I am probably going to upset some people by saying that lawns are the biggest waste of resources – money and space mainly. I wonder why we are so obsessed with having a lawn when we can use that space to grow fruits, vegetables, herbs or even cut flowers and be a little bit self-sustainable. I have always been interested in gardening right from a very young age – but didn’t have the confidence to drastically convert the back lawn to an edible garden.

During lockdown, it felt really nice harvesting some spring onions, salad greens, feijoas and mandarins from our garden. My project took seed when I wanted to take it up a notch and challenge myself to growing more. The next step was reading about permaculture, urban farming and following some pro gardeners like Charles Dowding (No dig beds) and Mark Valencia (Self Sufficient Me).

Below are the steps I followed.

Cover the area with cardboard

Measure the area you have and monitor how much sunshine your designated patch gets. Note whether it is morning or afternoon sun. Most vegetables require between 6 -8 hours sunshine. The area I wanted to convert was about 80 square metres. My garden has a micro climate of its own because of the type of vegetation I have grown over the years – it is warm, sheltered to a certain extent from wind and frost.

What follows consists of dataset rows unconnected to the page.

Lemma size_Rstar_quot_monic m :
  size (Rstar_quot m) = m /\ ((0 < m)%N -> Rstar_quot m \is monic).
Proof.
elim/nat_ind2: m => [|| m [sz0 _] _ /=]; first by rewrite size_poly0.
  by rewrite size_poly1 monic1.
have [szD monD] := size_dickson_monic m.+1.
have ltsz : (size (- Rstar_quot m) < size (dickson m.+1))%N by rewrite size_polyN sz0 szD.
rewrite size_polyDl // szD; split=> // _.
by rewrite monicE lead_coefDl // -monicE monD.
Qed.

Lemma rstar_monic_size i : rstar i \is monic /\ size (rstar i) = i.+1.
Proof. by have [sz /(_ isT) mon] := size_Rstar_quot_monic i.+1. Qed.

Section Evaluation.
Variable R : realType.
Implicit Types (x y : R) (q : {poly int}).

Lemma evalZB q1 q2 x : evalZ (q1 - q2) x = evalZ q1 x - evalZ q2 x.
Proof. by rewrite /evalZ rmorphB /= hornerD hornerN. Qed.

Lemma evalZ_mulC (c : int) q x : evalZ (c%:P * q) x = c%:~R * evalZ q x.
Proof. by rewrite /evalZ rmorphM /= map_polyC hornerCM. Qed.

Lemma evalZ_mulX q x : evalZ ('X * q) x = x * evalZ q x.
Proof. by rewrite /evalZ rmorphM /= map_polyX hornerM hornerX. Qed.

Lemma evalZC (c : int) x : evalZ c%:P x = c%:~R.
Proof. by rewrite /evalZ map_polyC hornerC. Qed.

Lemma evalZX x : evalZ 'X x = x.
Proof. by rewrite /evalZ map_polyX hornerX. Qed.

Lemma evalZ0 x : evalZ 0 x = 0.
Proof. by rewrite /evalZ rmorph0 horner0. Qed.

Lemma evalZ1 x : evalZ 1 x = 1.
Proof. by rewrite /evalZ rmorph1 hornerC. Qed.

Lemma evalZ_dicksonSS n x :
  evalZ (dickson n.+2) x = x * evalZ (dickson n.+1) x - evalZ (dickson n) x.
Proof. by rewrite dicksonSS evalZB evalZ_mulX. Qed.

Lemma evalZ_cheb_half n x : 2 * evalZ (cheb n) (x / 2) = evalZ (dickson n) x.
Proof.
elim/nat_ind2: n => [||n IH0 IH1].
- by rewrite cheb0 dickson0 evalZ1 evalZC mulr1.
- by rewrite cheb1 dickson1 !evalZX; field.
rewrite chebSS evalZ_dicksonSS evalZB -mulrA evalZ_mulC evalZ_mulX -IH0 -IH1.
by field.
Qed.

Lemma Rstar_dickson i x : Rstar i x = evalZ (dickson i) x + 2 * rcoef i.
Proof. by rewrite /Rstar evalZ_cheb_half. Qed.

Lemma rcoefSS i : rcoef (R:=R) i.+2 = - rcoef i.
Proof.
rewrite /rcoef /= negbK; case: ifP => [_|/negbT ev]; first by rewrite oppr0.
have even_i : (i %% 2 = 0)%N by rewrite modn2 (negbTE ev).
have [i0|i2] : (i %% 4 = 0 \/ i %% 4 = 2)%N by lia.
  have -> : (i.+2 %% 4 == 2)%N by lia.
  by rewrite i0 /= opprK.
have -> : (i.+2 %% 4 == 2)%N = false by lia.
by rewrite i2.
Qed.

Lemma evalZ_Rstar_quot m x :
  evalZ (dickson m) x + 2 * rcoef m = x * evalZ (Rstar_quot m) x.
Proof.
elim/nat_ind2: m => [||m IH0 _].
- by rewrite dickson0 evalZC evalZ0 /rcoef /=; ring.
- by rewrite dickson1 evalZ1 evalZX /rcoef /=; ring.
by rewrite evalZ_dicksonSS rcoefSS /= evalZB mulrBr -IH0; ring.
Qed.

Lemma Rstar_factor i x : Rstar i.+1 x = x * evalZ (rstar i) x.
Proof. by rewrite Rstar_dickson evalZ_Rstar_quot. Qed.

End Evaluation.

Section OnTheCircle.
Variable R : realType.
Implicit Types (y : R).

Lemma evalZ_dickson_cos n y : evalZ (dickson n) (2 * cos y) = 2 * cos (n%:R * y).
Proof.
elim/nat_ind2: n => [||n IH0 IH1].
- by rewrite dickson0 evalZC mul0r cos0 mulr1.
- by rewrite dickson1 evalZX mul1r.
have -> : n.+2%:R * y = n.+1%:R * y + y by rewrite !mulrS; ring.
have cosn : cos (n%:R * y) = cos (n.+1%:R * y - y) by rewrite mulrS; congr cos; ring.
by rewrite evalZ_dicksonSS IH0 IH1 cosn cosB cosD; ring.
Qed.

Lemma norm_cos2_le2 y : `|2 * cos y| <= 2.
Proof. by rewrite normrM ger0_norm // -[leRHS]mulr1 ler_pM2l // cos_max. Qed.

Lemma norm_dickson_cos_le n y : `|evalZ (dickson n) (2 * cos y)| <= 2.
Proof. by rewrite evalZ_dickson_cos norm_cos2_le2. Qed.

Lemma norm_Rstar_quot_cos_le m y : `|evalZ (Rstar_quot m) (2 * cos y)| <= m%:R.
Proof.
elim/nat_ind2: m => [||m IH0 _ /=].
- by rewrite evalZ0 normr0.
- by rewrite evalZ1 normr1.
rewrite evalZB (le_trans (ler_normB _ _)) //.
have := norm_dickson_cos_le m.+1 y; rewrite !mulrS in IH0 *; lra.
Qed.

Lemma sin_natmulpi m : sin (m%:R * pi) = 0 :> R.
Proof.
elim: m => [|m IH]; first by rewrite mul0r sin0.
by rewrite mulrS mulrDl mul1r sinD IH sinpi mul0r mulr0 addr0.
Qed.

Definition node_angle (p k : nat) : R := (2 * k + 1)%N%:R * pi / (2 * p)%N%:R.

Lemma nuE p k : nu (R:=R) p k.+1 = 2 * cos (node_angle p k).
Proof. by rewrite /nu /node_angle (_ : (2 * k.+1 - 1 = 2 * k + 1)%N) //; lia. Qed.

 Draw up plans on a piece of paper and colour in the details to see how it is going to look. Make a rough estimate of costs and budget. I wanted a mix of “no dig beds” and planter boxes. I did a drawing as this helped to conceptualize – great tool for evolution of that rough idea. Initially, my husband was going to build the planter boxes but then I found good quality ones I was happy with https://www.steelmates.co.nz/ They do come as a flat pack and requires about half an hour to assemble.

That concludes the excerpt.